This section briefly describes each of the implementations tested with some key points in the code. Those are executed as part of the test program in test_convolution_2d.cpp. The top-level object in the 'main()' function is TestExecutorConvolution2D, which is a subclass of TestExecutor found in ../common/test_case_with_time_measurements.h. It manages one single test suite, which consists of test cases. It arranges the input data, allocates memory, executes each test case multiple times and measures the running times, cleans up, and reports the results. Each implementation type is implemented as a TestCaseConvolution2D, which is a subclass of TestCaseWithTimeMeasurements in ../common/test_case_with_time_measurements.h. The main part is implemented in TestCaseConvolution2D::run(), and it is the subject for the running time measurements.

5.1. CPP_BLOCK 1 1

class TestCaseConvolution2D_baseline in test_convolution_2d.cpp

The following is the function to calculate one output pixel.

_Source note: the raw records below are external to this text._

(* Fix $\eta>0$. Consider the following game between Learner, Reality and $N$ experts. At each step $t=1,2,\dots$: each Expert $n$ ($n=1,\dots,N$) announces a prediction $\gamma_t^n\in[0,1]$ and a loss function $\lambda_t^n\in\mathcal{L}$ that is required to be $\eta$-mixable; then Learner announces $\pi_t\in[0,1]$; then Reality announces $\omega_t\in\{0,1\}$. Learner has a strategy that guarantees, for all $T\ge1$ and all $n=1,\dots,N$, $$\sum_{t=1}^T\lambda_t^n(\pi_t,\omega_t)\le\sum_{t=1}^T\lambda_t^n(\gamma_t^n,\omega_t)+\frac{\ln N}{\eta}.$$
   Context: A loss function is a map $\lambda:[0,1]\times\{0,1\}\to[0,\infty]$ satisfying: (1) $\lambda(\gamma,0)$ and $\lambda(\gamma,1)$ are continuous in $\gamma\in[0,1]$ (with the standard topology on $[0,\infty]$); (2) there exists $\gamma$ with $\lambda(\gamma,0),\lambda(\gamma,1)$ both finite; (3) there is no $\gamma$ with both infinite. The superprediction set is $\Sigma_\lambda=\{(x,y)\in[0,\infty)^2:\exists\gamma\ \lambda(\gamma,0)\le x,\ \lambda(\gamma,1)\le y\}$. For $\eta>0$, $\lambda$ is $\eta$-mixable if $\{(e^{-\eta x},e^{-\eta y}):(x,y)\in\Sigma_\lambda\}$ is convex; mixable if $\eta$-mixable for some $\eta>0$. $\lambda$ is proper if $\pi\lambda(\pi,1)+(1-\pi)\lambda(\pi,0)\le\pi\lambda(\pi',1)+(1-\pi)\lambda(\pi',0)$ for all $\pi,\pi'\in[0,1]$. $\mathcal{L}$ is the set of loss functions that are both mixable and proper. *)

From HB Require Import structures.
From mathcomp Require Import all_boot all_order all_algebra.
From mathcomp Require Import all_classical all_reals all_analysis.
Set Implicit Arguments. Unset Strict Implicit. Unset Printing Implicit Defensive.
Import Order.TTheory GRing.Theory Num.Theory.
Import numFieldNormedType.Exports.
Local Open Scope classical_set_scope.
Local Open Scope ring_scope.

(* A (candidate) loss function: lam gamma omega, with omega : bool
   (false = 0, true = 1) and values in \bar R; only gamma in [0,1] matters. *)
Definition lossfun (R : realType) := R -> bool -> \bar R.

Definition in01 (R : realType) (x : R) : Prop := 0 <= x <= 1.

Definition is_loss (R : realType) (lam : lossfun R) : Prop :=
  [/\ (forall g b, in01 g -> (0 <= lam g b)%E),
      (forall b, {within `[0, 1], continuous (fun g => lam g b)}),
      (exists g, in01 g /\ lam g false \is a fin_num /\ lam g true \is a fin_num)
    & ~ (exists g, in01 g /\ lam g false = +oo%E /\ lam g true = +oo%E)].

Definition superpred (R : realType) (lam : lossfun R) : set (R * R) :=
  [set p | 0 <= p.1 /\ 0 <= p.2 /\
     exists g, in01 g /\ (lam g false <= p.1%:E)%E /\ (lam g true <= p.2%:E)%E].

Definition convex_set2 (R : realType) (S : set (R * R)) : Prop :=
  forall u v, S u -> S v -> forall a : R, in01 a ->
    S (a * u.1 + (1 - a) * v.1, a * u.2 + (1 - a) * v.2).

// Calculate one NxN convolution.
template<class T, int KERNEL_DIM>
static inline T calc_conv_one_point (
    const T* const kernel,
    const T* const in, 
    const size_t   image_width,
    const size_t   image_height,
    const size_t   center_x,
    const size_t   center_y
) {
    static_assert( KERNEL_DIM % 2 == 1 );// DIM must be odd.
    
    constexpr int KERN_OFFSET = KERNEL_DIM/2;

    T sum = 0;

    for ( int kern_y = 0; kern_y < KERNEL_DIM; kern_y++ ) {

        const int image_y = ( kern_y - KERN_OFFSET ) + center_y;

        if ( 0 <= image_y && image_y < image_height ) {

            for ( int kern_x = 0; kern_x < KERNEL_DIM; kern_x++ ) {

                const int image_x = ( kern_x - KERN_OFFSET ) + center_x;

                const T v =   ( 0 <= image_x && image_x < image_width )
                            ? ( kernel[ index_row_major(kern_x, kern_y, KERNEL_DIM) ] * in[ index_row_major(image_x, image_y, image_width) ] )
                            : 0
                            ;
                sum += v;
            }
        }
    }
    return sum;
}

The function calc_conv_one_point() is called for each pixed in the following loops.

    for ( size_t y = row_start; y < row_end_past_one; y++ ) {

        for ( size_t x = 0; x < width; x++ ) {

            out[ index_row_major( x, y, width) ] = calc_conv_one_point< T,KERNEL_DIM >( kernel, in, width, height, x, y );
        }
    }

5.2. CPP_BLOCK 1 X

class TestCaseConvolution2D_multithreads in test_convolution_2d.cpp

It uses the same function calc_conv_one_point (), but split into blocks horizontally (in rows), each of which is processed by one thread as follows.

        auto thread_lambda = [ this, num_rows_per_thread ]( const size_t thread_index ) {

            while ( true ) {

                const size_t row_begin = thread_index * num_rows_per_thread;
                const size_t row_end   = row_begin + num_rows_per_thread;

                m_fan_out.wait( thread_index );
                if( m_fan_out.isTerminating() ) {
                    break;
                }

                calc_conv_row_block<T,KERNEL_DIM> (
                    this->m_kernel,
                    this->m_image_in,
                    this->m_image_out,
                    this->m_image_width,
                    this->m_image_height,
                    row_begin,
                    row_end
                );

                m_fan_in.notify();
                if( m_fan_in.isTerminating() ) {
                    break;
                }
            }
        };

5.3. CIIMAGE_GPU 1 1 : CIFilter convolution5X5Filter, CIContext contextWithMTLDevice:

class TestCaseConvolution2D_ciimage in test_convolution_2d.cpp

This implementation involves a sequence of function calls and multiple data structures.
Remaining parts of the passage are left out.